*** Begin section ***

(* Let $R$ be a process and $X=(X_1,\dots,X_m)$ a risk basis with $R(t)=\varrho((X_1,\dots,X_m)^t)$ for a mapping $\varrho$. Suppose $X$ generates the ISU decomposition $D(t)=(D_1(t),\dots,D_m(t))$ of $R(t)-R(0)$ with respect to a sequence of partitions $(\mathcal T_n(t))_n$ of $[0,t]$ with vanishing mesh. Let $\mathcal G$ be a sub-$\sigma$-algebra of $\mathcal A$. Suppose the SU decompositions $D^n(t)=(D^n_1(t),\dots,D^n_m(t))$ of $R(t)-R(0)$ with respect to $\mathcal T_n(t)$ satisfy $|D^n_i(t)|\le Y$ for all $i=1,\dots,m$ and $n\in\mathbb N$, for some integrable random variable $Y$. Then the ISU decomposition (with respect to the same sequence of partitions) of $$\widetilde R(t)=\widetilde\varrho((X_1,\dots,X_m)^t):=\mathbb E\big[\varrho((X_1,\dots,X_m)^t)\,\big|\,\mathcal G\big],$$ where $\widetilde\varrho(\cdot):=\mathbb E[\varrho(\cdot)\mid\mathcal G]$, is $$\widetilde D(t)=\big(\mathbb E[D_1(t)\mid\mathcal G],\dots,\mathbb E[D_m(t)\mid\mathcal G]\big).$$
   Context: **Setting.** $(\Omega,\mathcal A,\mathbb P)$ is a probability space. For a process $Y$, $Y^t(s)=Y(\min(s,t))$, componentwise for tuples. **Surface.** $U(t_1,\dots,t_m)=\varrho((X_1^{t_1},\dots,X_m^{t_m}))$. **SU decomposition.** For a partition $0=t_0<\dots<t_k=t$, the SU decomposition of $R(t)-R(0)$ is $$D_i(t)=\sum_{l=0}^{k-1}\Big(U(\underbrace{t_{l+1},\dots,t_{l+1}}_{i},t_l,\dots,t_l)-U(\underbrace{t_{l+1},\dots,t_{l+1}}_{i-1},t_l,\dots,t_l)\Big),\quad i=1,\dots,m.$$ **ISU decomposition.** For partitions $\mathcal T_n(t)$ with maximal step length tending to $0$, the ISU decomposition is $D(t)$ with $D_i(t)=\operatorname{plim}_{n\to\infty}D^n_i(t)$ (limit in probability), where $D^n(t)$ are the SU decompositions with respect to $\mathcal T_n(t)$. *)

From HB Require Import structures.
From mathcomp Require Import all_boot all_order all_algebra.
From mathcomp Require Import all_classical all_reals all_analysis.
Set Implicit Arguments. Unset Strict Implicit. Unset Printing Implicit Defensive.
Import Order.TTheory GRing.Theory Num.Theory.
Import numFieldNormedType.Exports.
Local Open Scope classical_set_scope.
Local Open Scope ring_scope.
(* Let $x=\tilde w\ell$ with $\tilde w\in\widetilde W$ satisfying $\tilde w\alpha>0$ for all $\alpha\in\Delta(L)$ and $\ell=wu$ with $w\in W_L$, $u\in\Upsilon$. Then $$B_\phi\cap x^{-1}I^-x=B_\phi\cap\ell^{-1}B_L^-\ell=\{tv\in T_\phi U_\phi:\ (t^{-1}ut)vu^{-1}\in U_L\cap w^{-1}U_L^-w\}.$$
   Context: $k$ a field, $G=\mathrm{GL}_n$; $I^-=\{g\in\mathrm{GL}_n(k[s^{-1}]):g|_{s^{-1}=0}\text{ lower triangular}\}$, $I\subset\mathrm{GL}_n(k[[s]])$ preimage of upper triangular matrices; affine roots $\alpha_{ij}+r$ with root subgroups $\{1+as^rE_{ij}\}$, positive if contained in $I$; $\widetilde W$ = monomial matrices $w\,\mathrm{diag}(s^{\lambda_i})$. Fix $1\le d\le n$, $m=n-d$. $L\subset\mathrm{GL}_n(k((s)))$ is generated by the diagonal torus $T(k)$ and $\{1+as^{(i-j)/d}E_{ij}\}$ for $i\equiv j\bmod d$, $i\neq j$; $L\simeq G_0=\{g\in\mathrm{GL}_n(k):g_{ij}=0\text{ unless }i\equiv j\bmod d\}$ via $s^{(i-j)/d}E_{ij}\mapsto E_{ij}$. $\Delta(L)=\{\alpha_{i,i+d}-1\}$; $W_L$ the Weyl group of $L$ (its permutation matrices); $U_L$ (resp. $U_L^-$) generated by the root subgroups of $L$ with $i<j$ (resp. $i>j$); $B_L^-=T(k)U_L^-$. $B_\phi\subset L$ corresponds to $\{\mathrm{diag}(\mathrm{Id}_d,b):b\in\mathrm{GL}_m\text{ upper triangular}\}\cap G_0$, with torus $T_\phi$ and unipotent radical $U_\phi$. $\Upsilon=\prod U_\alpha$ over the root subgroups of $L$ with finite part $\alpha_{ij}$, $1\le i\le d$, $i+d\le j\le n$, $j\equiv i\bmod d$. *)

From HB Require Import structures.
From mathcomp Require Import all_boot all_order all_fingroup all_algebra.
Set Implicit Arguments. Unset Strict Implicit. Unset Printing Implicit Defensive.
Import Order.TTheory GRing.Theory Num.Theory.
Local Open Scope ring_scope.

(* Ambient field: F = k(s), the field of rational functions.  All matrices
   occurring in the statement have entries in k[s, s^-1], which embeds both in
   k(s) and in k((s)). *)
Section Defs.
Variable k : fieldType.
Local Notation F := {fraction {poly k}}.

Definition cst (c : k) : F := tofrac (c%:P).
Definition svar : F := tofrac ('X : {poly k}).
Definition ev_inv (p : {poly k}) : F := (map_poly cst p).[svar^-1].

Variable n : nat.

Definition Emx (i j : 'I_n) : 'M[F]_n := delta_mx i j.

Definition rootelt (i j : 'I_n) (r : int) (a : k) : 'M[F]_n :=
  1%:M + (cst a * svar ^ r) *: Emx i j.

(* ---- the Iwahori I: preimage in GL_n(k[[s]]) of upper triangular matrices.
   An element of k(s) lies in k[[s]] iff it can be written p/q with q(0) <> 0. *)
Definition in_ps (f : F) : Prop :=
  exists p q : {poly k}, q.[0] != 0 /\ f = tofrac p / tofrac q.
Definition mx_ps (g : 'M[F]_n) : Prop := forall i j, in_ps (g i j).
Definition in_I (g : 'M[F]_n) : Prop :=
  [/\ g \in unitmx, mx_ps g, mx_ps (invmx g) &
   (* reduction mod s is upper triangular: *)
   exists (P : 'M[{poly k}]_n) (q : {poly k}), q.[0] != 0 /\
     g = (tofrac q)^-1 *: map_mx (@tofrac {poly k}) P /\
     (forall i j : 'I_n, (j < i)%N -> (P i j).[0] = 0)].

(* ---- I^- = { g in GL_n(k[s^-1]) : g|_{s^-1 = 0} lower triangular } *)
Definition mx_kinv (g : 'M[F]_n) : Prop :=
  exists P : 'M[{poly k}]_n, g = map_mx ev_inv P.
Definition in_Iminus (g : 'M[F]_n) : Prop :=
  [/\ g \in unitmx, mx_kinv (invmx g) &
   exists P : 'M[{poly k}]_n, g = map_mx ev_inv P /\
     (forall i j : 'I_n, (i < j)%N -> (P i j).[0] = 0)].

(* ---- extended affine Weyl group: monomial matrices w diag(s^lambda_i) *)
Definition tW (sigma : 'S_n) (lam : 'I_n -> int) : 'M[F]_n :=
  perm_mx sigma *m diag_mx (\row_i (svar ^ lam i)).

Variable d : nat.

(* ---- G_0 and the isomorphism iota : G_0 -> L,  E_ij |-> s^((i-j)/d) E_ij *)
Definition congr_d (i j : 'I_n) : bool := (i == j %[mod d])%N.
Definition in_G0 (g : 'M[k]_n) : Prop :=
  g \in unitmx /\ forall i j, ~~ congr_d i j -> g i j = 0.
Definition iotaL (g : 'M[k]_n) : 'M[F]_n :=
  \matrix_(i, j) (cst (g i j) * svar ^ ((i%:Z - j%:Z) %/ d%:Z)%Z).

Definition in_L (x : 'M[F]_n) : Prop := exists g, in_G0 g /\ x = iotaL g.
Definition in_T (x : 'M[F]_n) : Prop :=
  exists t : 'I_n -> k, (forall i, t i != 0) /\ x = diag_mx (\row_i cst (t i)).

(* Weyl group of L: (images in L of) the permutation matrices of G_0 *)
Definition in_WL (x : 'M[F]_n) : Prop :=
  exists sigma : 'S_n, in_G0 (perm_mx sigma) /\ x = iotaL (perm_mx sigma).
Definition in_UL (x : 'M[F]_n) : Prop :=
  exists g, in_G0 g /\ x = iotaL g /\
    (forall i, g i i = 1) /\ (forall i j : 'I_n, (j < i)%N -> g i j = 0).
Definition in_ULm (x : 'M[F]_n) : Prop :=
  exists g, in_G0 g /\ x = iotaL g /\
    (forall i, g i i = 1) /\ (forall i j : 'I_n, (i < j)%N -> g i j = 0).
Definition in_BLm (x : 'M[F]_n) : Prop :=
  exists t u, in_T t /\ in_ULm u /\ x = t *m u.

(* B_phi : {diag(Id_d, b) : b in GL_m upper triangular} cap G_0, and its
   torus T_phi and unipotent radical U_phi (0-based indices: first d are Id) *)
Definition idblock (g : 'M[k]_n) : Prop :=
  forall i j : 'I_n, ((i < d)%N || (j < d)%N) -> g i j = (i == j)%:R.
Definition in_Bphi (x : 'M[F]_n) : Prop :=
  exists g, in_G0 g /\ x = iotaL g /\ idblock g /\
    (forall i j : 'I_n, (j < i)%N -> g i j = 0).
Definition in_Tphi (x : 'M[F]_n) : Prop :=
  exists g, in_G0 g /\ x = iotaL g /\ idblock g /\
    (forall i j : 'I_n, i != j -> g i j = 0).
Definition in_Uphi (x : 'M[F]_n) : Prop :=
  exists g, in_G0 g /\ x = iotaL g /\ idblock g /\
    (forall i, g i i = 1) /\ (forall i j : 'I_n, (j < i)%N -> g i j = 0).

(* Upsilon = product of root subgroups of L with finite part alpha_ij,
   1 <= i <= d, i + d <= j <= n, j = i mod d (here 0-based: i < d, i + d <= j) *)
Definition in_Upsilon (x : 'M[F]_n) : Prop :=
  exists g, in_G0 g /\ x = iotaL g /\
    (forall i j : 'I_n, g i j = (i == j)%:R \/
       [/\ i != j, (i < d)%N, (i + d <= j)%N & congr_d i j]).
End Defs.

*** End section ***

[Exercise] All lines in the listing above between the line with "g = (tofrac" and the line with "Definition mx_kinv (g", inclusive, should be set down exactly, and no line outside that range.

[Your response]
     g = (tofrac q)^-1 *: map_mx (@tofrac {poly k}) P /\
     (forall i j : 'I_n, (j < i)%N -> (P i j).[0] = 0)].

(* ---- I^- = { g in GL_n(k[s^-1]) : g|_{s^-1 = 0} lower triangular } *)
Definition mx_kinv (g : 'M[F]_n) : Prop :=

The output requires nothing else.